[Dataset entries]
(* Let $(\lambda_k)_{k\ge0}$ be a sequence of positive numbers, $\tau_0=0$ and $\tau_k=\sum_{i=0}^{k-1}\lambda_i$ for $k\ge1$. Suppose there exist $C_2>0$ and $a,b,c\ge0$ with $b+c>a$ such that $$\sum_{k\ge0}\tau_k^a\lambda_k^{-b}\lambda_{k+1}^{-c}\le C_2<+\infty$$ (with the convention $\tau_0^0=1$). Then there exists $C_3>0$ such that $\tau_{k+1}\ge C_3\,k^{\frac{b+c+1}{b+c-a}}$ for every $k\ge1$. *)

From Stdlib Require Import Reals.
Open Scope R_scope.

Fixpoint tau (lambda : nat -> R) (k : nat) : R :=
  match k with
  | O => 0
  | S k' => tau lambda k' + lambda k'
  end.

Definition rpow (x a : R) : R :=
  if Req_EM_T x 0 then (if Req_EM_T a 0 then 1 else 0) else Rpower x a.

From Stdlib Require Import Reals Arith Lra Lia Psatz.
Open Scope R_scope.

(* Write s = b + c and mu_i = lambda_i + lambda_(i+1).  On a block of indices
   [m, m + n) every term of the series is at least tau_m^a mu_i^(-s), and by
   convexity of x |-> x^(-s) the sum of the mu_i^(-s) is at least
   n (2 tau_(m+n+1) / n)^(-s), because the mu_i sum to at most 2 tau_(m+n+1).
   Hence tau_m^a n^(1+s) <= C2 (2 tau_(m+n+1))^s.  Taking m = k/2 and n = k - m,
   this bounds tau_(k+1) from below through tau_(k/2); in logarithmic form it
   is a linear recursive inequality, and strong induction propagates the
   growth exponent p = (s + 1) / (s - a), the fixed point of p s = a p + 1 + s. *)

Lemma ln_le_compat x y : 0 < x -> x <= y -> ln x <= ln y.
Proof.
  intros hx hxy; destruct (Rle_lt_or_eq_dec _ _ hxy) as [h|h].
  - left; apply ln_increasing; auto.
  - subst; lra.
Qed.

Lemma exp_le_compat x y : x <= y -> exp x <= exp y.
Proof.
  intros hxy; destruct (Rle_lt_or_eq_dec _ _ hxy) as [h|h].
  - left; apply exp_increasing; auto.
  - subst; lra.
Qed.

Lemma ln_INR_le_mult k c j : (1 <= k)%nat -> (1 <= j)%nat -> (k <= c * j)%nat ->
  ln (INR k) <= ln (INR c) + ln (INR j).
Proof.
  intros hk hj hkcj.
  assert (hc : (1 <= c)%nat) by nia.
  apply le_INR in hk, hj, hc, hkcj; rewrite mult_INR in hkcj; simpl in hk, hj, hc.
  rewrite <- ln_mult by lra; apply ln_le_compat; lra.
Qed.

Lemma rpow_pos_eq x a : 0 < x -> rpow x a = Rpower x a.
Proof. intros hx; unfold rpow; destruct Req_EM_T; [lra | reflexivity]. Qed.

Lemma Rpower_opp_le_compat x y s : 0 < x <= y -> 0 <= s ->
  Rpower y (- s) <= Rpower x (- s).
Proof.
  intros hxy hs; rewrite !Rpower_Ropp.
  apply Rinv_le_contravar; [apply exp_pos | apply Rle_Rpower_l; auto].
Qed.

Lemma Rpower_opp_tangent x A s : 0 < x -> 0 < A -> 0 <= s ->
  Rpower A (- s) * (1 + s - s * (x / A)) <= Rpower x (- s).
Proof.
  intros hx hA hs.
  set (t := x / A).
  assert (ht : 0 < t) by (apply Rdiv_lt_0_compat; auto).
  assert (hln : ln t <= t - 1).
  { pose proof (exp_ineq1_le (ln t)) as h; rewrite exp_ln in h; lra. }
  replace (Rpower x (- s)) with (Rpower A (- s) * Rpower t (- s))
    by (rewrite Rpower_mult_distr by auto; f_equal; unfold t; field; lra).
  apply Rmult_le_compat_l; [left; apply exp_pos |].
  pose proof (exp_ineq1_le (- s * ln t)); unfold Rpower; nra.
Qed.

Fixpoint sum_from (f : nat -> R) (m n : nat) : R :=
  match n with
  | O => 0
  | S n' => sum_from f m n' + f (m + n')%nat
  end.

Lemma sum_f_R0_sum_from f N : sum_f_R0 f N = sum_from f 0 (S N).
Proof. induction N as [|N IH]; simpl in *; [lra | rewrite IH; lra]. Qed.

Lemma sum_from_split f m n1 n2 :
  sum_from f m (n1 + n2) = sum_from f m n1 + sum_from f (m + n1) n2.
Proof.
  induction n2 as [|n2 IH]; simpl.
  - rewrite Nat.add_0_r; lra.
  - rewrite Nat.add_succ_r; simpl; rewrite IH, Nat.add_assoc; lra.
Qed.

Lemma sum_from_nonneg f m n : (forall i, 0 <= f i) -> 0 <= sum_from f m n.
Proof. intros h; induction n; simpl; [lra | specialize (h (m + n)%nat); lra]. Qed.

Lemma sum_from_le f g m n : (forall i, (m <= i)%nat -> f i <= g i) ->
  sum_from f m n <= sum_from g m n.
Proof.
  intros h; induction n; simpl; [lra |].
  specialize (h (m + n)%nat ltac:(lia)); lra.
Qed.

Lemma sum_from_scal k f m n : sum_from (fun i => k * f i) m n = k * sum_from f m n.
Proof. induction n as [|n IH]; simpl; [ring | rewrite IH; ring]. Qed.

Lemma sum_from_le_of_partial_sums f C m n : (forall i, 0 <= f i) ->
  (forall N, sum_f_R0 f N <= C) -> sum_from f m n <= C.
Proof.
  intros hf hC.
  pose proof (sum_from_split f 0 m n) as hsplit.
  pose proof (sum_from_nonneg f 0 m hf).
  specialize (hC (m + n)%nat); specialize (hf (m + n)%nat).
  rewrite sum_f_R0_sum_from in hC; simpl in hC, hsplit; lra.
Qed.

Lemma sum_Rpower_opp_tangent g A s m n : (forall i, 0 < g i) -> 0 < A -> 0 <= s ->
  Rpower A (- s) * (INR n * (1 + s) - s * (sum_from g m n / A))
  <= sum_from (fun i => Rpower (g i) (- s)) m n.
Proof.
  intros hg hA hs; induction n as [|n IH]; cbn [sum_from].
  - change (INR 0) with 0; unfold Rdiv; rewrite Rmult_0_l; lra.
  - pose proof (Rpower_opp_tangent (g (m + n)%nat) A s (hg _) hA hs).
    rewrite S_INR.
    replace (Rpower A (- s) * ((INR n + 1) * (1 + s) - s * ((sum_from g m n + g (m + n)%nat) / A)))
      with (Rpower A (- s) * (INR n * (1 + s) - s * (sum_from g m n / A))
            + Rpower A (- s) * (1 + s - s * (g (m + n)%nat / A))) by (field; lra).
    lra.
Qed.

(* Jensen's inequality for the convex decreasing map x |-> x^(-s). *)
Lemma sum_Rpower_opp_ge g A s m n : (forall i, 0 < g i) -> 0 < A -> 0 <= s ->
  sum_from g m n <= INR n * A ->
  INR n * Rpower A (- s) <= sum_from (fun i => Rpower (g i) (- s)) m n.
Proof.
  intros hg hA hs hmean.
  pose proof (sum_Rpower_opp_tangent g A s m n hg hA hs).
  assert (sum_from g m n / A <= INR n).
  { apply (Rmult_le_reg_r A); [exact hA |].
    unfold Rdiv; rewrite Rmult_assoc, Rinv_l; lra. }
  assert (0 <= s * (INR n - sum_from g m n / A)) by (apply Rmult_le_pos; lra).
  assert (0 < Rpower A (- s)) by apply exp_pos.
  nra.
Qed.

Lemma sum_from_consecutive lam m n :
  sum_from (fun i => lam i + lam (S i)) m n
  = (tau lam (m + n) - tau lam m) + (tau lam (S (m + n)) - tau lam (S m)).
Proof.
  induction n as [|n IH]; simpl.
  - rewrite Nat.add_0_r; ring.
  - rewrite IH, Nat.add_succ_r; simpl; ring.
Qed.

Section Tau.

Variable lambda : nat -> R.
Hypothesis hpos : forall k, 0 < lambda k.

Lemma tau_nonneg k : 0 <= tau lambda k.
Proof. induction k; simpl; [lra | specialize (hpos k); lra]. Qed.

Lemma tau_pos k : (1 <= k)%nat -> 0 < tau lambda k.
Proof.
  intros hk; destruct k as [|k]; [lia |]; simpl.
  pose proof (tau_nonneg k); specialize (hpos k); lra.
Qed.

Lemma tau_le m n : (m <= n)%nat -> tau lambda m <= tau lambda n.
Proof. induction 1 as [|n _ IH]; simpl; [lra | specialize (hpos n); lra]. Qed.

Lemma sum_from_consecutive_le m n :
  sum_from (fun i => lambda i + lambda (S i)) m n <= 2 * tau lambda (S (m + n)).
Proof.
  rewrite sum_from_consecutive.
  pose proof (tau_le (m + n) (S (m + n)) ltac:(lia)).
  pose proof (tau_nonneg m); pose proof (tau_nonneg (S m)); lra.
Qed.

Variables a b c C2 : R.
Hypotheses (ha : 0 <= a) (hb : 0 <= b) (hc : 0 <= c).

Let term k := rpow (tau lambda k) a * Rpower (lambda k) (- b) * Rpower (lambda (S k)) (- c).

Hypothesis hsum : forall N, sum_f_R0 term N <= C2.

Lemma term_nonneg k : 0 <= term k.
Proof.
  unfold term, rpow.
  repeat apply Rmult_le_pos; try (left; apply exp_pos).
  repeat destruct Req_EM_T; try lra; left; apply exp_pos.
Qed.

Lemma term_ge m i : (1 <= m)%nat -> (m <= i)%nat ->
  Rpower (tau lambda m) a * Rpower (lambda i + lambda (S i)) (- (b + c)) <= term i.
Proof.
  intros hm hmi; unfold term.
  pose proof (hpos i); pose proof (hpos (S i)).
  rewrite rpow_pos_eq by (apply tau_pos; lia).
  rewrite Ropp_plus_distr, Rpower_plus, Rmult_assoc.
  apply Rmult_le_compat; try (left; apply exp_pos).
  - left; apply Rmult_lt_0_compat; apply exp_pos.
  - apply Rle_Rpower_l; auto; split; [apply tau_pos | apply tau_le]; lia.
  - apply Rmult_le_compat; try (left; apply exp_pos);
      apply Rpower_opp_le_compat; auto; lra.
Qed.

Lemma block_bound m n : (1 <= m)%nat -> (1 <= n)%nat ->
  Rpower (tau lambda m) a
  * (INR n * Rpower (2 * tau lambda (S (m + n)) / INR n) (- (b + c))) <= C2.
Proof.
  intros hm hn.
  assert (hn' : 0 < INR n) by (apply lt_0_INR; lia).
  assert (hT : 0 < tau lambda (S (m + n))) by (apply tau_pos; lia).
  apply Rle_trans with
    (Rpower (tau lambda m) a
     * sum_from (fun i => Rpower (lambda i + lambda (S i)) (- (b + c))) m n).
  - apply Rmult_le_compat_l; [left; apply exp_pos |].
    apply sum_Rpower_opp_ge; try lra.
    + intro i; pose proof (hpos i); pose proof (hpos (S i)); lra.
    + apply Rdiv_lt_0_compat; lra.
    + replace (INR n * (2 * tau lambda (S (m + n)) / INR n))
        with (2 * tau lambda (S (m + n))) by (field; lra).
      apply sum_from_consecutive_le.
  - rewrite <- sum_from_scal.
    apply Rle_trans with (sum_from term m n).
    + apply sum_from_le; intros; apply term_ge; lia.
    + apply sum_from_le_of_partial_sums; [apply term_nonneg | exact hsum].
Qed.

Lemma ln_block_bound m n : (1 <= m)%nat -> (1 <= n)%nat ->
  a * ln (tau lambda m) + (1 + (b + c)) * ln (INR n)
  <= ln C2 + (b + c) * (ln 2 + ln (tau lambda (S (m + n)))).
Proof.
  intros hm hn.
  assert (hn' : 0 < INR n) by (apply lt_0_INR; lia).
  assert (hT : 0 < tau lambda (S (m + n))) by (apply tau_pos; lia).
  assert (hA : 0 < 2 * tau lambda (S (m + n)) / INR n) by (apply Rdiv_lt_0_compat; lra).
  set (A := 2 * tau lambda (S (m + n)) / INR n) in *.
  assert (htm : 0 < Rpower (tau lambda m) a) by apply exp_pos.
  assert (hAs : 0 < Rpower A (- (b + c))) by apply exp_pos.
  assert (hnAs : 0 < INR n * Rpower A (- (b + c))) by (apply Rmult_lt_0_compat; auto).
  pose proof (ln_le_compat _ _ (Rmult_lt_0_compat _ _ htm hnAs) (block_bound m n hm hn))
    as hblock; fold A in hblock.
  rewrite !ln_mult, !ln_Rpower in hblock by assumption.
  unfold A, Rdiv in hblock.
  rewrite ln_mult, ln_mult, ln_Rinv in hblock; try apply Rinv_0_lt_compat; lra.
Qed.

End Tau.

Lemma nondecreasing_ge_first (u : nat -> R) : (forall k, u k <= u (S k)) ->
  forall k, u 0%nat <= u k.
Proof. intros hu k; induction k as [|k IH]; [lra | specialize (hu k); lra]. Qed.

Lemma log_growth (u : nat -> R) (a s K : R) : 0 <= a -> a < s ->
  (forall k, u k <= u (S k)) ->
  (forall k, (4 <= k)%nat -> a * u (k / 2 - 1)%nat + (1 + s) * ln (INR k) <= s * u k + K) ->
  exists L, forall k, (1 <= k)%nat -> L + (s + 1) / (s - a) * ln (INR k) <= u k.
Proof.
  intros ha has hmono hrec.
  set (p := (s + 1) / (s - a)).
  assert (hp : 0 < p) by (apply Rdiv_lt_0_compat; lra).
  assert (hps : p * s = a * p + 1 + s) by (unfold p; field; lra).
  set (L := Rmin (u 0%nat - p * ln 3) ((- (a * p * ln 8) - K) / (s - a))).
  assert (hL0 : L <= u 0%nat - p * ln 3) by apply Rmin_l.
  assert (hLK : (s - a) * L <= - (a * p * ln 8) - K).
  { assert (L <= (- (a * p * ln 8) - K) / (s - a)) by apply Rmin_r.
    apply (Rmult_le_compat_l (s - a)) in H; [| lra].
    replace ((s - a) * ((- (a * p * ln 8) - K) / (s - a))) with (- (a * p * ln 8) - K)
      in H by (field; lra); lra. }
  exists L; intros k; induction k as [k IH] using lt_wf_ind; intros hk.
  destruct (Nat.le_gt_cases k 3) as [hk3 | hk4].
  - assert (ln (INR k) <= ln 3).
    { apply ln_le_compat; [apply lt_0_INR; lia |].
      apply le_INR in hk3; simpl in hk3; lra. }
    pose proof (nondecreasing_ge_first u hmono k); nra.
  - set (j := (k / 2 - 1)%nat).
    assert (hj : (1 <= j)%nat /\ (j < k)%nat /\ (k <= 8 * j)%nat).
    { pose proof (Nat.div_mod k 2 ltac:(lia)); pose proof (Nat.mod_upper_bound k 2 ltac:(lia)).
      unfold j; lia. }
    destruct hj as (hj1 & hjk & hk8j).
    pose proof (IH j hjk hj1) as hIH.
    pose proof (ln_INR_le_mult k 8 j hk hj1 hk8j) as hlnj.
    replace (INR 8) with 8 in hlnj by (simpl; lra).
    pose proof (hrec k ltac:(lia)) as hk_rec; fold j in hk_rec.
    assert (a * (L + p * ln (INR j)) <= a * u j) by (apply Rmult_le_compat_l; lra).
    assert (a * p * ln (INR k) <= a * p * (ln 8 + ln (INR j))) by
      (apply Rmult_le_compat_l; [apply Rmult_le_pos |]; lra).
    assert (hpsk : p * s * ln (INR k) = (a * p + 1 + s) * ln (INR k)) by (rewrite hps; ring).
    assert (0 <= s * (u k - L - p * ln (INR k))) by nra.
    assert (0 <= u k - L - p * ln (INR k)) by (apply (Rmult_le_reg_l s); lra).
    lra.
Qed.

Theorem mainTheorem12 (lambda : nat -> R) (C2 a b c : R)
  (hpos : forall k, 0 < lambda k)
  (hC2 : 0 < C2) (ha : 0 <= a) (hb : 0 <= b) (hc : 0 <= c)
  (habc : a < b + c)
  (hsum : forall N : nat,
      sum_f_R0 (fun k => rpow (tau lambda k) a * Rpower (lambda k) (- b)
                          * Rpower (lambda (S k)) (- c)) N <= C2) :
  exists C3 : R, 0 < C3 /\
    forall k : nat, (1 <= k)%nat ->
      C3 * Rpower (INR k) ((b + c + 1) / (b + c - a)) <= tau lambda (S k).
Proof.
  set (u := fun k => ln (tau lambda (S k))).
  destruct (log_growth u a (b + c) (ln C2 + (1 + 2 * (b + c)) * ln 2)) as [L hL]; auto.
  - intro k; apply ln_le_compat; [apply tau_pos | apply tau_le]; auto; lia.
  - intros k hk.
    set (m := (k / 2)%nat); set (n := (k - m)%nat).
    assert (hm : (1 <= m /\ m + n = k /\ 1 <= n /\ k <= 2 * n)%nat).
    { pose proof (Nat.div_mod k 2 ltac:(lia)); pose proof (Nat.mod_upper_bound k 2 ltac:(lia)).
      unfold n, m; lia. }
    destruct hm as (hm1 & hmn & hn1 & hk2n).
    pose proof (ln_block_bound lambda hpos a b c C2 ha hb hc hsum m n hm1 hn1) as hblock.
    pose proof (ln_INR_le_mult k 2 n ltac:(lia) hn1 hk2n) as hlnn.
    replace (INR 2) with 2 in hlnn by (simpl; lra).
    assert ((1 + (b + c)) * ln (INR k) <= (1 + (b + c)) * (ln 2 + ln (INR n)))
      by (apply Rmult_le_compat_l; lra).
    replace (S (m + n)) with (S k) in hblock by lia.
    replace m with (S (m - 1)) in hblock by lia.
    unfold u; lra.
  - exists (exp L); split; [apply exp_pos |].
    intros k hk; specialize (hL k hk); unfold u in hL.
    unfold Rpower; rewrite <- exp_plus.
    rewrite <- (exp_ln (tau lambda (S k))) by (apply tau_pos; auto; lia).
    apply exp_le_compat; lra.
Qed.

=== Task to complete ===
All that is wanted is a faithful reproduction of the line above with "if Req_EM_T x", the line with "(* Write s = b", and every line in between.

=== Solution ===
  if Req_EM_T x 0 then (if Req_EM_T a 0 then 1 else 0) else Rpower x a.

From Stdlib Require Import Reals Arith Lra Lia Psatz.
Open Scope R_scope.

(* Write s = b + c and mu_i = lambda_i + lambda_(i+1).  On a block of indices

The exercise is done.